My problem here is that it runs unbelievably long (around 15 minutes per 1000 orders and each order having like 20 items). I guess I'm doing something wrong here but I'm not able to find out. Is there a way to speed it up? Use another library? I've tried using itertuples() instead of iterrows(). But this wasn't very helpful.

EDIT:

This is how my data looks like:

order = pd.DataFrame({"order_id": range(1000000,1000010,1),
                         "customer_id": np.random.RandomState(0).randint(1000,2000,10)})
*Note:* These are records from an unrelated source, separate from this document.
(* $R(\{C_4,P_5\},\{C_4,P_5\}) = 5$; that is, $5$ is the least integer $N$ such that for every $n \geq N$, every red/blue coloring of the edges of $K_n$ contains a red $C_4$ or red $P_5$, or a blue $C_4$ or blue $P_5$.
   Context: $C_4$ is the cycle on $4$ vertices and $P_5$ is the path on $5$ vertices. For sets of graphs $\mathscr{G}$ and $\mathscr{H}$, $R(\mathscr{G},\mathscr{H})$ is the minimum integer $N$ such that any $2$-coloring (red and blue) of the edges of $K_n$ with $n \geq N$ contains either a red copy of some graph in $\mathscr{G}$ or a blue copy of some graph in $\mathscr{H}$. *)

From Stdlib Require Import List.
From mathcomp Require Import all_boot.
Set Implicit Arguments. Unset Strict Implicit. Unset Printing Implicit Defensive.

Definition graph (k : nat) := 'I_k -> 'I_k -> bool.

Definition C4 : graph 4 := fun i j =>
  ((i : nat) == (j + 1) %% 4) || ((j : nat) == (i + 1) %% 4).

Definition P5 : graph 5 := fun i j =>
  ((i : nat) == j + 1) || ((j : nat) == i + 1).

(* A 2-colouring of the edges of K_n: a symmetric map on pairs of distinct
   vertices; true = red, false = blue.  Values on the diagonal are irrelevant. *)
Definition coloring (n : nat) := 'I_n -> 'I_n -> bool.
Definition symmetric_coloring n (c : coloring n) := forall x y, c x y = c y x.

Definition has_mono_copy n (c : coloring n) (col : bool) k (H : graph k) :=
  exists f : 'I_k -> 'I_n, injective f /\
    forall i j, H i j -> c (f i) (f j) = col.

Definition family := seq {k : nat & graph k}.

Definition arrows n (c : coloring n) (G H : family) :=
  (exists2 g, In g G & has_mono_copy c true (projT2 g)) \/
  (exists2 h, In h H & has_mono_copy c false (projT2 h)).

Definition ramsey_good (G H : family) (N : nat) :=
  forall n, N <= n -> forall c : coloring n, symmetric_coloring c -> arrows c G H.

Definition is_ramsey_number (G H : family) (N : nat) :=
  ramsey_good G H N /\ forall M, ramsey_good G H M -> N <= M.

Definition C4P5 : family := [:: existT graph 4 C4; existT graph 5 P5].

(* Upper bound: a colouring of K_n with n >= 5 restricts to K_5, where it is
   determined by the colours of the ten edges; each of the 2^10 colourings of
   K_5 contains a monochromatic C_4 or P_5, as verified by a decision
   procedure for monochromatic copies (a search over vertex orderings) that is
   proved sound and complete.  Lower bound: colour K_4 red along the path
   0-1-2-3; the blue edges then form the path 2-0-3-1, so neither colour
   contains a cycle, and P_5 does not fit in K_4. *)

From mathcomp Require Import all_boot.
From Stdlib Require List.
Set Implicit Arguments. Unset Strict Implicit. Unset Printing Implicit Defensive.

Lemma hasInP T (p : pred T) (s : seq T) :
  reflect (exists2 x, List.In x s & p x) (has p s).
Proof.
elim: s => [|y s IHs] /=; first by right; case.
apply: (iffP orP) => [[py | /IHs [x sx px]] | [x [<- | sx] px]].
- by exists y; first left.
- by exists x; first right.
- by left.
- by right; apply/IHs; exists x.
Qed.

Lemma has_mono_copy_comp n m (c : coloring n) (e : 'I_m -> 'I_n) col k (H : graph k) :
  injective e -> has_mono_copy (fun x y => c (e x) (e y)) col H -> has_mono_copy c col H.
Proof. by move=> e_inj [f [f_inj f_mono]]; exists (e \o f); split; first exact: inj_comp. Qed.

Lemma arrows_comp n m (c : coloring n) (e : 'I_m -> 'I_n) G H :
  injective e -> arrows (fun x y => c (e x) (e y)) G H -> arrows c G H.
Proof.
move=> e_inj [[g Gg /(has_mono_copy_comp e_inj) ?] | [h Hh /(has_mono_copy_comp e_inj) ?]].
  by left; exists g.
by right; exists h.
Qed.

Lemma ramsey_good_of_arrows G H N :
  (forall c : coloring N, symmetric_coloring c -> arrows c G H) -> ramsey_good G H N.
Proof.
move=> arrows_N n le_Nn c c_sym.
apply: (@arrows_comp _ _ c (widen_ord le_Nn)); first by move=> x y [] /val_inj.
by apply: arrows_N => x y; apply: c_sym.
Qed.

Lemma ramsey_good_gt G H M n (c : coloring n) :
  ramsey_good G H M -> symmetric_coloring c -> ~ arrows c G H -> n < M.
Proof.
by move=> good_M c_sym no_arrows; rewrite ltnNge; apply/negP => /good_M /(_ c c_sym).
Qed.

Lemma has_mono_copy_offdiag n (c c' : coloring n) col k (H : graph k) :
    irreflexive H -> (forall x y, x != y -> c x y = c' x y) ->
  has_mono_copy c col H -> has_mono_copy c' col H.
Proof.
move=> H_irr cc' [f [f_inj f_mono]]; exists f; split=> // i j Hij.
rewrite -cc' ?f_mono // (inj_eq f_inj); apply: contraTneq Hij => ->.
by rewrite H_irr.
Qed.

Definition loopless (F : family) := forall g, List.In g F -> irreflexive (projT2 g).

Lemma arrows_offdiag n (c c' : coloring n) G H : loopless G -> loopless H ->
    (forall x y, x != y -> c x y = c' x y) ->
  arrows c G H -> arrows c' G H.
Proof.
move=> G_irr H_irr cc' [[g Gg g_mono] | [h Hh h_mono]].
  by left; exists g; last exact: has_mono_copy_offdiag (G_irr g Gg) cc' g_mono.
by right; exists h; last exact: has_mono_copy_offdiag (H_irr h Hh) cc' h_mono.
Qed.

(* [enum 'I_n] is stuck under [vm_compute]: it is built with [insub], which
   matches on the opaque proof [idP]. *)
Fixpoint ords n : seq 'I_n :=
  if n is n'.+1 then ord0 :: map (lift ord0) (ords n') else [::].

Lemma ordsE n : ords n = enum 'I_n.
Proof.
apply: (inj_map val_inj); rewrite val_enum_ord.
elim: n => //= n IHn; rewrite -map_comp.
by rewrite (eq_map (g := addn 1 \o val)) // map_comp IHn -iotaDl.
Qed.

Lemma mem_ords n (i : 'I_n) : i \in ords n.
Proof. by rewrite ordsE mem_enum. Qed.

Lemma uniq_ords n : uniq (ords n).
Proof. by rewrite ordsE enum_uniq. Qed.

Lemma size_ords n : size (ords n) = n.
Proof. by rewrite ordsE size_enum_ord. Qed.

Lemma nth_ords n (i0 i : 'I_n) : nth i0 (ords n) i = i.
Proof. by rewrite ordsE nth_ord_enum. Qed.

Fixpoint bitseqs n : seq (seq bool) :=
  if n is n'.+1 then [seq b :: t | b <- [:: true; false], t <- bitseqs n'] else [:: [::]].

Lemma mem_bitseqs n t : (t \in bitseqs n) = (size t == n).
Proof.
elim: n t => [|n IHn] [|b t] //.
  by apply/allpairsP => -[[b' t'] []].
apply/allpairsP/idP => [[[b' t'] [_ + [-> ->]]] | size_t]; first by rewrite IHn.
by exists (b, t); split; rewrite ?IHn // ?inE; case: (b).
Qed.

Section MonoCopyDecision.

Variables (n : nat) (c : coloring n.+1) (col : bool) (k : nat) (H : graph k).

Definition mono_embedb (f : 'I_k -> 'I_n.+1) :=
  all (fun i => all (fun j => H i j ==> (c (f i) (f j) == col)) (ords k)) (ords k).

Lemma mono_embedP f :
  reflect (forall i j, H i j -> c (f i) (f j) = col) (mono_embedb f).
Proof.
apply: (iffP allP) => [mono i j Hij | mono i _].
  by have /allP/(_ j (mem_ords j)) := mono i (mem_ords i); rewrite Hij => /eqP.
by apply/allP => j _; apply/implyP => /mono ->.
Qed.

(* Every injection 'I_k -> 'I_n.+1 is a prefix of an ordering of all vertices. *)
Definition mono_copyb :=
  (k <= n.+1) && has (fun p => mono_embedb (nth ord0 p)) (permutations (ords n.+1)).

Lemma mono_copyP : reflect (has_mono_copy c col H) mono_copyb.
Proof.
apply: (iffP andP) => [[le_kn /hasP [p]] | [f [f_inj f_mono]]].
  rewrite mem_permutations => perm_p /mono_embedP p_mono.
  have [p_uniq size_p] : uniq p /\ size p = n.+1.
    by rewrite (perm_uniq perm_p) (perm_size perm_p) uniq_ords size_ords.
  exists (nth ord0 p); split=> // i j /eqP.
  rewrite nth_uniq ?size_p ?(leq_trans (ltn_ord _) le_kn) // => /eqP; exact: val_inj.
have le_kn : k <= n.+1 by rewrite -[k]card_ord -[n.+1]card_ord; exact: leq_card f_inj.
pose img := map f (ords k).
pose p := img ++ [seq x <- ords n.+1 | x \notin img].
have size_img : size img = k by rewrite size_map size_ords.
have nth_p (i : 'I_k) : nth ord0 p i = f i.
  by rewrite nth_cat size_img ltn_ord (nth_map i) ?size_ords ?nth_ords.
split=> //; apply/hasP; exists p.
  rewrite mem_permutations uniq_perm ?uniq_ords //.
    rewrite cat_uniq map_inj_uniq ?filter_uniq ?uniq_ords // andbT.
    by apply/hasPn => x; rewrite mem_filter => /andP [].
  by move=> x; rewrite mem_cat mem_filter mem_ords; case: (x \in img).
by apply/mono_embedP => i j Hij; rewrite !nth_p f_mono.
Qed.

End MonoCopyDecision.

Definition arrowsb n (c : coloring n.+1) (G H : family) :=
  has (fun g : {k & graph k} => mono_copyb c true (projT2 g)) G ||
  has (fun h : {k & graph k} => mono_copyb c false (projT2 h)) H.

Lemma arrowsP n (c : coloring n.+1) G H : reflect (arrows c G H) (arrowsb c G H).
Proof.
apply: (iffP orP) => [[] /hasInP [g Gg /mono_copyP] | [] [g Gg /mono_copyP]].
- by left; exists g.
- by right; exists g.
- by left; apply/hasInP; exists g.
- by right; apply/hasInP; exists g.
Qed.

Definition upper_pairs n : seq ('I_n * 'I_n) :=
  [seq xy : 'I_n * 'I_n <- [seq (x, y) | x <- ords n, y <- ords n] | xy.1 < xy.2].

Definition coloring_of_bits n (t : seq bool) : coloring n := fun x y =>
  nth false t (index (if x < y then (x, y) else (y, x)) (upper_pairs n)).

Definition bits_of_coloring n (c : coloring n) : seq bool :=
  [seq c xy.1 xy.2 | xy <- upper_pairs n].

Lemma bits_of_coloringK n (c : coloring n) : symmetric_coloring c ->
  forall x y, x != y -> coloring_of_bits (bits_of_coloring c) x y = c x y.
Proof.
move=> c_sym x y ne_xy.
have bitE (u v : 'I_n) : u < v ->
    nth false (bits_of_coloring c) (index (u, v) (upper_pairs n)) = c u v.
  move=> lt_uv; have uv_in : (u, v) \in upper_pairs n.
    by rewrite mem_filter lt_uv; apply/allpairsP; exists (u, v); rewrite !mem_ords.
  by rewrite (nth_map (u, v)) ?index_mem ?nth_index.
rewrite /coloring_of_bits; case: ltngtP => [lt_xy | lt_yx | /val_inj eq_xy].
- exact: bitE.
- by rewrite bitE // c_sym.
- by rewrite eq_xy eqxx in ne_xy.
Qed.

(* Memoising the colour of every pair makes the exhaustive check below about
   ten times faster than evaluating [coloring_of_bits] on demand. *)
Definition tabulate n (c : coloring n) : coloring n :=
  let m := [seq [seq c x y | y <- ords n] | x <- ords n] in
  fun x y => nth false (nth [::] m x) y.

Lemma tabulateE n (c : coloring n) x y : tabulate c x y = c x y.
Proof.
by rewrite /tabulate (nth_map x) ?size_ords // (nth_map y) ?size_ords // !nth_ords.
Qed.

Lemma loopless_C4P5 : loopless C4P5.
Proof. by move=> g [<- | [<- | []]] [[|[|[|[|[|]]]]]]. Qed.

Lemma K5_arrows_C4P5_check :
  all (fun t => arrowsb (tabulate (coloring_of_bits t) : coloring 5) C4P5 C4P5)
      (bitseqs 10).
Proof. by vm_compute. Qed.

Lemma K5_arrows_C4P5 (c : coloring 5) : symmetric_coloring c -> arrows c C4P5 C4P5.
Proof.
move=> c_sym.
pose c' : coloring 5 := tabulate (coloring_of_bits (bits_of_coloring c)).
have c'E x y : x != y -> c' x y = c x y.
  by move=> ne_xy; rewrite /c' tabulateE bits_of_coloringK.
apply: (arrows_offdiag loopless_C4P5 loopless_C4P5 c'E).
apply/arrowsP/(allP K5_arrows_C4P5_check).
by rewrite mem_bitseqs size_map.
Qed.

Definition path_coloring n : coloring n :=
  fun x y => (x == y.+1 :> nat) || (y == x.+1 :> nat).

Lemma path_coloring_sym (n : nat) : symmetric_coloring (@path_coloring n).
Proof. by move=> x y; rewrite /path_coloring orbC. Qed.

Lemma K4_path_coloring_no_arrows : ~ arrows (@path_coloring 4) C4P5 C4P5.
Proof. by move/arrowsP; vm_compute. Qed.

Theorem lemma2 : is_ramsey_number C4P5 C4P5 5.
Proof.
split; first exact: ramsey_good_of_arrows K5_arrows_C4P5.
move=> M good_M.
exact: ramsey_good_gt good_M (@path_coloring_sym 4) K4_path_coloring_no_arrows.
Qed.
order_item = pd.DataFrame({"order_id": np.random.RandomState(0).randint(1000000,1000010,100),
                         "product_id": np.random.RandomState(0).randint(1000,2000,100),
                         "amount": np.random.RandomState(0).randint(1,100,100)})
order_item.sort_values(by="order_id",inplace=True,ignore_index=True)

CodePudding user response：

I'm not sure what your data looks like, so I hope this will work for you, it took me seconds to process ~5000 rows:

import pandas as pd
import lxml.etree as et

df_order = pd.read_csv("order.csv", encoding='utf8', keep_default_na=False, dtype=str)
df_order_item = pd.read_csv("order_items.csv", encoding='utf8', keep_default_na=False, dtype=str)

new_orders = df_order.merge(df_order_item, 'left', left_on='order_id', right_on='order_id')

orders = et.Element('ORDERS')
for order_id in new_orders['order_id'].unique():
    rows = new_orders[new_orders['order_id'] == order_id]
    customer_id = int(rows['customer_id'].unique())
    order = et.SubElement(orders, 'ORDER')
    o_id = et.SubElement(order, 'ORDER_ID')
    o_id.text = order_id
    c_id = et.SubElement(order, 'CUSTOMER_ID')
    c_id.text = str(customer_id)
    items = et.SubElement(order, 'ITEMS')
    for product in rows.itertuples():
        item = et.SubElement(items, 'ITEM')
        p_id = et.SubElement(item, 'PRODUCT_ID')
        p_id.text = product.product_id
        amount = et.SubElement(item, 'AMOUNT')
        amount.text = product.quantity_ordered

CodePudding user response：

When writing XML or HTML, its frequently faster to write textually rather than adding the expense of building an in-memory XML document. You can write the file directly or use a templating language such as jinja 2. Following is an example using multiline f-strings to write a document with the spacing you want. Since XML doesn't care about newlines or pretty printing, I'd tend to write without the extra spacing.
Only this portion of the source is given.